Summer: With nearly all of the migratory birds now long gone, the growing season at Bald Knob is in full swing. With moist soil fields full of lush green vegetation and cooperative farming crops on their way to producing future forage for waterfowl, summer is the peak time of growth. Turkey poults are following the hens around and scratching in the leaf litter, deer fawns are being tended to does, and the bucks are just starting to regrow their velvety antlers. Resident song birds have hatched out from their eggs and many are in full flight. Rains become less frequent, temperatures are high, and in many years we are on the cusp of near drought-like conditions. Near the end of the summer, the first migratory shorebirds begin to arrive and take advantage of the mudflats that are managed for at the refuge. Cooperative farming crops are ready for harvest. Blue-winged teal start to show up in mid September, and unless we've had an unexpected amount of rainfall, will continue their flight towards the gulf coast and beyond.

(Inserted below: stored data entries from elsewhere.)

(* Let $V$ be a two-dimensional real vector space equipped with a seminorm $|\cdot|_V$. For every set $X$, every $\sigma$-algebra $\Sigma$ on $X$ and every vector measure $\mu:\Sigma\to V$, $$|\mu|_V(X)=\tfrac12\,\mathrm{Per}_V(\mathcal{R}(\mu))$$ (and more generally $|\mu|_V(A)=\tfrac12\mathrm{Per}_V(\mathcal{R}_A(\mu))$ for every $A\in\Sigma$).
   Context: A vector measure is a countably additive map $\mu:\Sigma\to V$. Total variation: $|\mu|_V(A)=\sup\{\sum_{i=1}^m|\mu(E_i)|_V : E_1,\dots,E_m\in\Sigma \text{ pairwise disjoint subsets of } A\}$. Range: $\mathcal{R}_A(\mu)=\overline{\mathrm{conv}}\{\mu(E):E\in\Sigma,E\subseteq A\}$, $\mathcal{R}(\mu)=\mathcal{R}_X(\mu)$. Perimeter (with $\dim V=2$): for a convex polygon $P$ (convex hull of finitely many points) with vertices $v_1,\dots,v_\ell$ listed in cyclic order along its boundary, $\mathrm{Per}_V(P)=\sum_{i=1}^\ell|v_i-v_{i-1}|_V$ with $v_0=v_\ell$ (so a segment $[a,b]$ has perimeter $2|b-a|_V$); for a convex set $C\subseteq V$, $\mathrm{Per}_V(C)=\sup\{\mathrm{Per}_V(P): P\subseteq C \text{ a convex polygon}\}$. *)

From Stdlib Require Import Reals Lra Lia Arith.
Open Scope R_scope.

(* The two-dimensional real vector space V is modelled as R*R (every
   2-dimensional real vector space is linearly isomorphic to R^2, and the
   seminorm is transported along the isomorphism). *)
Definition V2 := (R * R)%type.

Definition vadd (a b : V2) : V2 := (fst a + fst b, snd a + snd b).
Definition vsub (a b : V2) : V2 := (fst a - fst b, snd a - snd b).
Definition vscale (c : R) (a : V2) : V2 := (c * fst a, c * snd a).
Definition v0 : V2 := (0, 0).

Definition seminorm (N : V2 -> R) : Prop :=
  (forall a b, N (vadd a b) <= N a + N b) /\
  (forall c a, N (vscale c a) = Rabs c * N a).

Fixpoint rsum (f : nat -> R) (m : nat) : R :=
  match m with
  | O => 0
  | S k => rsum f k + f k
  end.

Fixpoint vsum (f : nat -> V2) (m : nat) : V2 :=
  match m with
  | O => v0
  | S k => vadd (vsum f k) (f k)
  end.

Definition sigma_algebra {X : Type} (Sigma : (X -> Prop) -> Prop) : Prop :=
  Sigma (fun _ => True) /\
  (forall E, Sigma E -> Sigma (fun x => ~ E x)) /\
  (forall E : nat -> X -> Prop, (forall n, Sigma (E n)) ->
      Sigma (fun x => exists n, E n x)).
Lemma rule184_upper_bound n i : 1 < n -> i < 2 * n + 1 ->
  exists P, computes_cut (Pred 184 n) (2 * n + 1) i P /\
            depth P <= 13 * trunc_log 2 n.
Proof.
move=> hn hi; set t := trunc_log 2 n.
have ht : n < 2 ^ t.+1 by apply: trunc_log_ltn.
have t_pos : 0 < t by case: t ht => [|t'] //; rewrite expn1; lia.
exists (rule184_protocol (t + 3) n i); split.
  move=> x y hx hy; rewrite -hx run_rule184_protocol ?size_cat //; try lia.
  by rewrite expnD expnS in ht *; lia.
by apply: leq_trans (depth_rule184_protocol _ _ _) _; lia.
Qed.

Lemma size_filter_split T (p : pred T) (L : seq T) d1 d2 :
  size (filter p L) <= 2 ^ d1 -> size (filter (predC p) L) <= 2 ^ d2 ->
  size L <= 2 ^ (maxn d1 d2).+1.
Proof.
rewrite -(count_predC p L) -!size_filter expnS mul2n -addnn => h1 h2.
apply: leq_add; [apply: leq_trans h1 _ | apply: leq_trans h2 _].
  by rewrite leq_exp2l ?leq_maxl.
by rewrite leq_exp2l ?leq_maxr.
Qed.

Section FoolingSet.
Variables (X Y : Type) (xs : nat -> X) (ys : nat -> Y).

Definition fooling_set (P : protocol X Y bool) (L : seq nat) : Prop :=
  {in L &, forall a b, a <= b -> run P (xs a) (ys b) = (a == b)}.

Lemma fooling_set_filter P P' (p : pred nat) L :
  {in filter p L &, forall a b, run P' (xs a) (ys b) = run P (xs a) (ys b)} ->
  fooling_set P L -> fooling_set P' (filter p L).
Proof.
move=> eP fP a b ha hb hab.
have sub : {subset filter p L <= L} by move=> c; rewrite mem_filter => /andP[].
by rewrite eP // fP // sub.
Qed.

Lemma fooling_set_leaf z L : uniq L -> fooling_set (Leaf z) L -> size L <= 1.
Proof.
case: L => [|a [|b L]] //= /andP[]; rewrite inE negb_or => /andP[neq_ab _] _ fL.
have ina : a \in [:: a, b & L] by rewrite inE eqxx.
have inb : b \in [:: a, b & L] by rewrite !inE eqxx orbT.
have [lt_ab|lt_ba|eq_ab] := ltngtP a b; last by rewrite eq_ab eqxx in neq_ab.
  move: (fL a a ina ina (leqnn a)) (fL a b ina inb (ltnW lt_ab)) => /= ->.
  by rewrite eqxx ltn_eqF.
move: (fL b b inb inb (leqnn b)) (fL b a inb ina (ltnW lt_ba)) => /= ->.
by rewrite eqxx ltn_eqF.
Qed.

Lemma fooling_set_size P L : uniq L -> fooling_set P L -> size L <= 2 ^ depth P.
Proof.
elim: P L => [z|q l IHl r IHr|q l IHl r IHr] L uL fL /=.
- exact: fooling_set_leaf fL.
- apply: (@size_filter_split nat (q \o xs)); [apply: IHl | apply: IHr];
    rewrite ?filter_uniq //; apply: fooling_set_filter fL => a b.
    by rewrite mem_filter /= => /andP[-> _].
  by rewrite mem_filter /= => /andP[/negbTE -> _].
- apply: (@size_filter_split nat (q \o ys)); [apply: IHl | apply: IHr];
    rewrite ?filter_uniq //; apply: fooling_set_filter fL => a b _.
    by rewrite mem_filter /= => /andP[-> _].
  by rewrite mem_filter /= => /andP[/negbTE -> _].
Qed.
End FoolingSet.
Arguments fooling_set {X Y}.
Arguments fooling_set_size {X Y xs ys P L}.

Lemma prefix_ones_nseq_true k w j :
  prefix_ones (nseq k true ++ w) j = minn j k + prefix_ones w (j - k).
Proof.
rewrite /prefix_ones take_cat size_nseq; case: ltnP => hj.
  rewrite take_nseq ?(ltnW hj) // count_nseq (_ : j - k = 0) ?take0 /=; lia.
by rewrite count_cat count_nseq mul1n; congr (_ + _); lia.
Qed.

Lemma prefix_ones_nseq_false k w j :
  prefix_ones (nseq k false ++ w) j = prefix_ones w (j - k).
Proof.
rewrite /prefix_ones take_cat size_nseq; case: ltnP => hj.
  by rewrite take_nseq ?(ltnW hj) // count_nseq (_ : j - k = 0) ?take0 /=; lia.
by rewrite count_cat count_nseq mul0n.
Qed.

Definition fool_left (n a : nat) : seq bool := nseq (2 * a) true ++ nseq (n - 2 * a) false.
Definition fool_right (n b : nat) : seq bool := nseq b false ++ nseq (n.+1 - b) true.

Lemma prefix_ones_fool n a b j : prefix_ones (fool_left n a ++ fool_right n b) j =
  minn j (2 * a) + minn (j - 2 * a - (n - 2 * a) - b) (n.+1 - b).
Proof.
rewrite -catA prefix_ones_nseq_true !prefix_ones_nseq_false.
by rewrite -[nseq _ true]cats0 prefix_ones_nseq_true /prefix_ones addn0.
Qed.

Lemma size_fool_left n a : 2 * a <= n -> size (fool_left n a) = n.
Proof. by rewrite size_cat !size_nseq; lia. Qed.

Lemma size_fool_right n b : b <= n.+1 -> size (fool_right n b) = n.+1.
Proof. by rewrite size_cat !size_nseq; lia. Qed.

Fall: The first cool front arrives and is a welcome respite from the long hot summer! These cool fronts will hopefully bring some much need precipitation. The fall harvest of cooperative crops is near completion, with plenty left behind to provide forage for the migratory waterfowl that will soon arrive. As the fall harvest is completed, mangers begin flooding the fields from rainfall that has been captured or from surface water redirected from the Little Red River. The deer have shed their reddish summer coats for a more suitable brown winter coat, and the bucks have lost their velvet. As fall turns into winter, more and more waterfowl begin to arrive as well as the raptors; hawks, and eagles are much more prevalent now.

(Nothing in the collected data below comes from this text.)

Lemma condE_affine a b c (X Y : outcome n -> R) :
  condE eps v eu (fun w => a + b * X w + c * Y w) =
  a + b * condE eps v eu X + c * condE eps v eu Y.
Proof.
rewrite /condE.
under eq_bigr do rewrite !mulrDr mulrCA [Prob eps v eu _ * (c * _)]mulrCA.
rewrite !big_split /= -mulr_suml -!mulr_sumr -/(Pr_cond eps v eu).
by field.
Qed.

Lemma condE_frac_reports c :
  condE eps v eu (frac_reports c) = (\sum_i q i c) / n%:R.
Proof.
move: Pr_cond_neq0; rewrite /condE sum_cond_frac_reports Pr_cond_balanced.
rewrite mulf_eq0 negb_or => /andP[pow_neq0 balanced_neq0].
under eq_bigr do rewrite balanced_shareE.
by rewrite -mulr_suml; field; rewrite natn_neq0 balanced_neq0 pow_neq0.
Qed.

Lemma condE_s_star : condE eps v eu (s_star eps) = s_true eps v eu.
Proof.
set k := 2 * pp eps - 1.
rewrite (_ : s_star eps = fun w => 0 + n%:R / k * frac_reports true w +
                                    (- (n%:R / k)) * frac_reports false w); last first.
  by apply/funext => w; rewrite /s_star f_POS_frac_reports f_NEG_frac_reports; ring.
rewrite condE_affine !condE_frac_reports /s_true [RHS]big_mkcond /=.
have -> : \sum_i (if eps <= eu i then v i else 0) = \sum_i (q i true - q i false) / k.
  by apply: eq_bigr => i _; rewrite prob_b1_sub -/k mulrC mulKf.
by rewrite -mulr_suml sumrB; field; rewrite gap_neq0 natn_neq0.
Qed.

Lemma condE_fbot_star : condE eps v eu (fbot_star eps) = fbot_true eps eu.
Proof.
set k := 2 * pp eps - 1.
rewrite (_ : fbot_star eps = fun w => 1 / k + (- 1 / k) * frac_reports true w +
                                       (- 1 / k) * frac_reports false w); last first.
  by apply/funext => w; rewrite /fbot_star f_POS_frac_reports f_NEG_frac_reports -/k; field.
rewrite condE_affine !condE_frac_reports /fbot_true.
have -> : \sum_i q i true = \sum_i (1 - k * (eu i < eps)%R%:R - q i false).
  by apply: eq_bigr => i _; rewrite /k -(prob_b1_add eps (v i) (eu i)); ring.
rewrite !sumrB -mulr_sumr sumr_indicator sumr_const card_ord.
by field; rewrite gap_neq0 natn_neq0.
Qed.
Definition lip_ratios {R : realType} (X : metricType R) (f : X -> X) : set R :=
  [set r | exists x y : X, x <> y /\ r = mdist (f x) (f y) / mdist x y].

(* L_f = sup_{x <> y} d(f x, f y) / d(x, y)  (meaningful when finite). *)
Definition lip_const {R : realType} (X : metricType R) (f : X -> X) : R :=
  sup (lip_ratios f).

Definition dmax {R : realType} {n : nat} (X : 'I_n -> metricType R)
  (x y : forall i, X i) : R :=
  \big[Num.max/0]_(i < n) mdist (x i) (y i).

Definition prod_map {R : realType} {n : nat} (X : 'I_n -> metricType R)
  (T : forall i, X i -> X i) (x : forall i, X i) : forall i, X i :=
  fun i => T i (x i).

Definition restrict {R : realType} {n : nat} (X : 'I_n -> metricType R)
  (J : {set 'I_n}) (x : forall i, X i) :
  prod_topology (fun k : {i : 'I_n | i \in J} => X (sval k)) :=
  fun k => x (sval k).

Definition is_interaction {R : realType} {n : nat} (X : 'I_n -> metricType R)
  (F : (forall i, X i) -> (forall i, X i)) (Lam : 'M[R]_n) : Prop :=
  exists (I : 'I_n -> {set 'I_n})
         (Fj : forall j : 'I_n,
            prod_topology (fun k : {i : 'I_n | i \in I j} => X (sval k)) -> X j),
    forall j : 'I_n,
      I j != finset.set0 /\
      continuous (Fj j) /\
      (forall x, F x j = Fj j (@restrict R n X (I j) x)) /\
      (forall i, 0 <= Lam i j) /\
      (forall i, i \notin I j -> Lam i j = 0) /\
      (forall x y : forall i, X i,
             mdist (F x j) (F y j) <=
             \sum_(i in I j) Lam i j * mdist (x i) (y i)).

Definition spectral_radius {R : realType} {n : nat} (A : 'M[R]_n) : R :=
  sup [set Normc.normc z | z in [set z : R[i] |
         eigenvalue (map_mx (fun r => (r%:C)%C) A) z]].

Definition has_global_attracting_fixed_point {R : realType} {n : nat}
  (X : 'I_n -> metricType R) (N : (forall i, X i) -> (forall i, X i)) : Prop :=
  exists xt : forall i, X i,
    N xt = xt /\
    forall y : forall i, X i,
      (fun k : nat => dmax (iter k N y) xt) @ \oo --> (0 : R).

Arguments is_interaction {R n} X F Lam.
Arguments has_global_attracting_fixed_point {R n} X N.
Arguments prod_map {R n} X T x i.

From HB Require Import structures.
From mathcomp Require Import all_boot all_order all_algebra.
From mathcomp Require Import all_classical all_reals all_analysis.
From mathcomp Require Import complex spectral mxred.
From mathcomp Require Import ring lra.

Set Implicit Arguments.
Unset Strict Implicit.
Unset Printing Implicit Defensive.

Import Order.TTheory GRing.Theory Num.Theory.
Import numFieldTopology.Exports.
Local Open Scope classical_set_scope.
Local Open Scope ring_scope.

(* For x, y in the product, the vector u_k of coordinate distances between
   N^k x and N^k y satisfies u_(k+1) <= u_k (L Lam) entrywise, hence
   u_k <= u_0 (L Lam)^k because L Lam is nonnegative.  Since every eigenvalue
   of L Lam has modulus at most L rho(Lam) < 1, a Schur triangularisation
   followed by a diagonal rescaling yields a norm in which L Lam is a strict
   contraction, so (L Lam)^k decays like c q^k with q < 1.  Thus N is
   eventually contracting for the max metric: every orbit is Cauchy,
   converges by compactness of the factors to a fixed point, and that fixed
   point attracts every other orbit. *)

Local Notation normc := (@Normc.normc _).
Local Notation toC A := (map_mx (fun r => (r%:C)%C) A).

Lemma eigenvalue_trig_diag (F : fieldType) n (A : 'M[F]_n) i :
  is_trig_mx A -> eigenvalue A (A i i).
Proof.
move=> Atrig; rewrite eigenvalue_root_char char_poly_trig //.
rewrite -(big_map (fun i : 'I_n => A i i) xpredT (fun a => 'X - a%:P)).
by rewrite root_prod_XsubC; apply: map_f; rewrite mem_index_enum.
Qed.

Lemma eigenvalue_conjmx_unit (F : fieldType) n (P A : 'M[F]_n) z :
  P \in unitmx -> eigenvalue (conjmx P A) z -> eigenvalue A z.
Proof.
move=> Punit; apply: eigenvalue_conjmx; last by rewrite row_free_unit.
by rewrite submx_full // row_full_unit.
Qed.

Lemma eigenvalue_scalemx (F : fieldType) n (A : 'M[F]_n) a z :
  eigenvalue A z -> eigenvalue (a *: A) (a * z).
Proof.
move=> /eigenvalueP[v vA v0]; apply/eigenvalueP; exists v => //.
by rewrite -scalemxAr vA scalerA.
Qed.

Lemma iter_mulmxr_conjmx (F : fieldType) m n (P A : 'M[F]_n) k (y : 'M[F]_(m, n)) :
  P \in unitmx ->
  iter k (mulmxr A) y = iter k (mulmxr (conjmx P A)) (y *m invmx P) *m P.
Proof.
move=> Punit; elim: k => [|k IHk] /=; first by rewrite -mulmxA mulVmx ?mulmx1.
by rewrite IHk conjumx // -!mulmxA mulVmx ?mulmx1.
Qed.

Lemma le_iter_mulmxr (R : numDomainType) n (B : 'M[R]_n) (u : nat -> 'rV[R]_n) :
  (forall i j, 0 <= B i j) -> (forall k j, u k.+1 0 j <= (u k *m B) 0 j) ->
  forall k j, u k 0 j <= iter k (mulmxr B) (u 0%N) 0 j.
Proof.
move=> B0 uB; elim=> [|k IHk] j //=.
apply: le_trans (uB k j) _; rewrite !mxE; apply: ler_sum => i _.
by rewrite ler_wpM2r.
Qed.

Section MatrixPowerDecay.
Variable R : rcfType.
Local Notation C := R[i].

Lemma normc_ge0 (z : C) : 0 <= normc z.
Proof. by case: z => a b; rewrite /Normc.normc sqrtr_ge0. Qed.

Lemma normc_real (r : R) : normc (r%:C)%C = `|r|.
Proof. by rewrite /Normc.normc /= expr0n /= addr0 sqrtr_sqr. Qed.

Lemma normc_sum (I : Type) (s : seq I) (P : pred I) (F : I -> C) :
  normc (\sum_(i <- s | P i) F i) <= \sum_(i <- s | P i) normc (F i).
Proof.
elim/big_rec2: _ => [|i y1 y2 _ IH]; first by rewrite Normc.normc0.
exact: le_trans (le_normcD _ _) (lerD (lexx _) IH).
Qed.

Definition cnorm n (y : 'rV[C]_n) : R := \big[Num.max/0]_i normc (y 0 i).

(* With the weights eps^-i, the strictly lower part of a triangular matrix
   contributes only O(eps) to the induced operator norm. *)
Definition wnorm n (eps : R) (y : 'rV[C]_n) : R :=
  \big[Num.max/0]_(i < n) (eps ^- i * normc (y 0 i)).

Definition mxnormc m n (A : 'M[C]_(m, n)) : R := \sum_i \sum_j normc (A i j).

Lemma cnorm_ge0 n (y : 'rV[C]_n) : 0 <= cnorm y.
Proof. exact: bigmax_ge_id. Qed.

Lemma normc_le_cnorm n (y : 'rV[C]_n) i : normc (y 0 i) <= cnorm y.
Proof. exact: (le_bigmax _ (fun i => normc (y 0 i))). Qed.

Lemma cnorm_le n (y : 'rV[C]_n) r :
  0 <= r -> (forall i, normc (y 0 i) <= r) -> cnorm y <= r.
Proof. by move=> r0 yr; apply: bigmax_le. Qed.

Lemma wnorm_ge0 n eps (y : 'rV[C]_n) : 0 <= wnorm eps y.
Proof. exact: bigmax_ge_id. Qed.

Lemma le_wnorm n eps (y : 'rV[C]_n) (i : 'I_n) : eps ^- i * normc (y 0 i) <= wnorm eps y.
Proof. exact: (le_bigmax _ (fun i : 'I_n => eps ^- i * normc (y 0 i))). Qed.

Lemma wnorm_le n eps (y : 'rV[C]_n) r :
  0 <= r -> (forall i : 'I_n, eps ^- i * normc (y 0 i) <= r) -> wnorm eps y <= r.
Proof. by move=> r0 yr; apply: bigmax_le. Qed.

Lemma mxnormc_ge0 m n (A : 'M[C]_(m, n)) : 0 <= mxnormc A.
Proof. by apply: sumr_ge0 => i _; apply: sumr_ge0 => j _; exact: normc_ge0. Qed.

Lemma normc_le_mxnormc m n (A : 'M[C]_(m, n)) i j : normc (A i j) <= mxnormc A.
Proof.
have sum_ge0 k : 0 <= \sum_j normc (A k j) by apply: sumr_ge0 => *; exact: normc_ge0.
rewrite /mxnormc (bigD1 i) //= (bigD1 j) //= -addrA lerDl addr_ge0 //.
  by apply: sumr_ge0 => *; exact: normc_ge0.
by apply: sumr_ge0 => *.
Qed.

Winter: As fall gives way to the winter, the rains have hopefully flooded much of the habitat for the hundreds of thousand of waterfowl that show up annually at Bald Knob NWR. The crop that was left behind for the waterfowl is now being utilized, and the ducks and geese are getting the much needed fat and calories to survive through the coldest part of the year. Winter forage is critical for them to be in the best condition to make their journey back to the north in the spring. If the winter is mild, many of these birds may spend a majority of the winter here. However, if the winter is more severe, the birds will simply move on to the south to take advantage of the warmer conditions and available food sources. Winter can be a tough season for the wildlife. Deer browse is scarce, and towards the end of the winter food can be hard to come by, but hopefully they have faired well enough to carry them through this hard time, for spring is right around the corner.
Due to its diversity of habitats, Bald Knob National Wildlife Refuge (NWR) supports a tremendous array of wildlife species. Visitors may see large mammals such as white-tailed deer year round, or a wide range of smaller species such as reptiles and amphibians in the warmer months.

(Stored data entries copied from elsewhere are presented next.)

Lemma integral_raise (q : {poly R}) :
  (\int[mu]_x ((raise q).[x] * gauss_fun x)%:E = 0)%E.
Proof.
pose b n : R := - n.+1%:R.
have exhaust x : [set: R] x -> \forall n \near \oo, `]b n, +oo[ x.
  move=> _; apply: filterS (nbhs_infty_gtr (- x)) => n xn.
  by rewrite /= in_itv /= andbT ltrNl (lt_trans xn) ?ltr_nat.
apply: (cvg_unique _ (integral_cvg_exhaustion mu _ _ _ measurableT
  (fun n => measurable_itv _) (fun n => subsetT _) exhaust
  (integrable_horner_gauss (raise q)))) => //=.
under eq_fun do rewrite integral_ray_raise; apply: cvg_EFin; first exact: nearW.
by apply: horner_gauss_cvg0 => n; rewrite normrN ger0_norm.
Qed.

End gauss_polynomial.

Section step_weight.
Context {R : realType} (m : nat) (t om : nat -> R).
Local Notation mu := (@lebesgue_measure R).
Local Open Scope classical_set_scope.

Definition step (x : R) : R := om 0%N + \sum_(1 <= k < m.+1) om k * theta (x - t k).

Lemma theta_patch (f : R -> R) (a x : R) :
  (f x * theta (x - a))%:E = ((EFin \o f) \_ `]a, +oo[) x.
Proof.
rewrite patchE /theta subr_gt0 /= mem_setE in_itv /= andbT.
by case: ifP => _; rewrite ?mulr1 ?mulr0.
Qed.

Lemma mul_stepE (f : R -> R) (x : R) :
  (f x * step x)%:E = ((om 0%N)%:E * (f x)%:E +
    \sum_(1 <= k < m.+1) (om k)%:E * ((EFin \o f) \_ `]t k, +oo[) x)%E.
Proof.
rewrite /step mulrDr big_distrr /= EFinD -sumEFin; congr (_ + _)%E.
  by rewrite mulrC EFinM.
by apply: eq_bigr => k _; rewrite -theta_patch -EFinM mulrCA.
Qed.

Variable f : R -> R.
Hypothesis intf : mu.-integrable setT (EFin \o f).

Let int_patch (a : R) : mu.-integrable setT ((EFin \o f) \_ `]a, +oo[).
Proof. by rewrite -integrable_mkcond //; exact: integrableS intf. Qed.

Lemma integrable_mul_step : mu.-integrable setT (fun x => (f x * step x)%:E).
Proof.
under eq_fun do rewrite mul_stepE.
apply: integrableD => //; first exact: integrableZl.
by apply: (integrable_sum measurableT) => k _; exact: integrableZl.
Qed.

Lemma integral_mul_step :
  (\int[mu]_x (f x * step x)%:E = (om 0%N)%:E * \int[mu]_x (f x)%:E +
    \sum_(1 <= k < m.+1) (om k)%:E * \int[mu]_(x in `]t k, +oo[) (f x)%:E)%E.
Proof.
under eq_integral do rewrite mul_stepE.
rewrite integralD //; first last.
- by apply: (integrable_sum measurableT) => k _; exact: integrableZl.
- exact: integrableZl.
rewrite integralZl // integral_sum //; last by move=> k; exact: integrableZl.
congr (_ + _)%E; apply: eq_bigr => k _.
by rewrite integralZl // [in RHS]integral_mkcond.
Qed.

Waterfowl and other bird life are abundant. Since the refuge was established to benefit waterfowl, they are the most numerous type of bird species found at Bald Knob NWR. During the late fall and through winter, large concentrations of blue, snow, Canada, and white fronted geese can be seen feeding in the stubble leftover from farming. Mallards, pintails, blue and green wing teal, and wood ducks can be found swimming and feeding in the wetter areas.
Bald Knob NWR is the largest staging area in Arkansas for Northern Pintails. At one time, there were over 200,000 recorded in a single day. Visitors are likely to see them during the fall migration.
During the winter months, visitors are also likely to observe bald eagles. They can be seen perched high above the refuge or flying overhead. At times there can be as many as twenty bald eagles in a given area.
White-tailed deer are very abundant on the refuge and can be seen at any time throughout the year.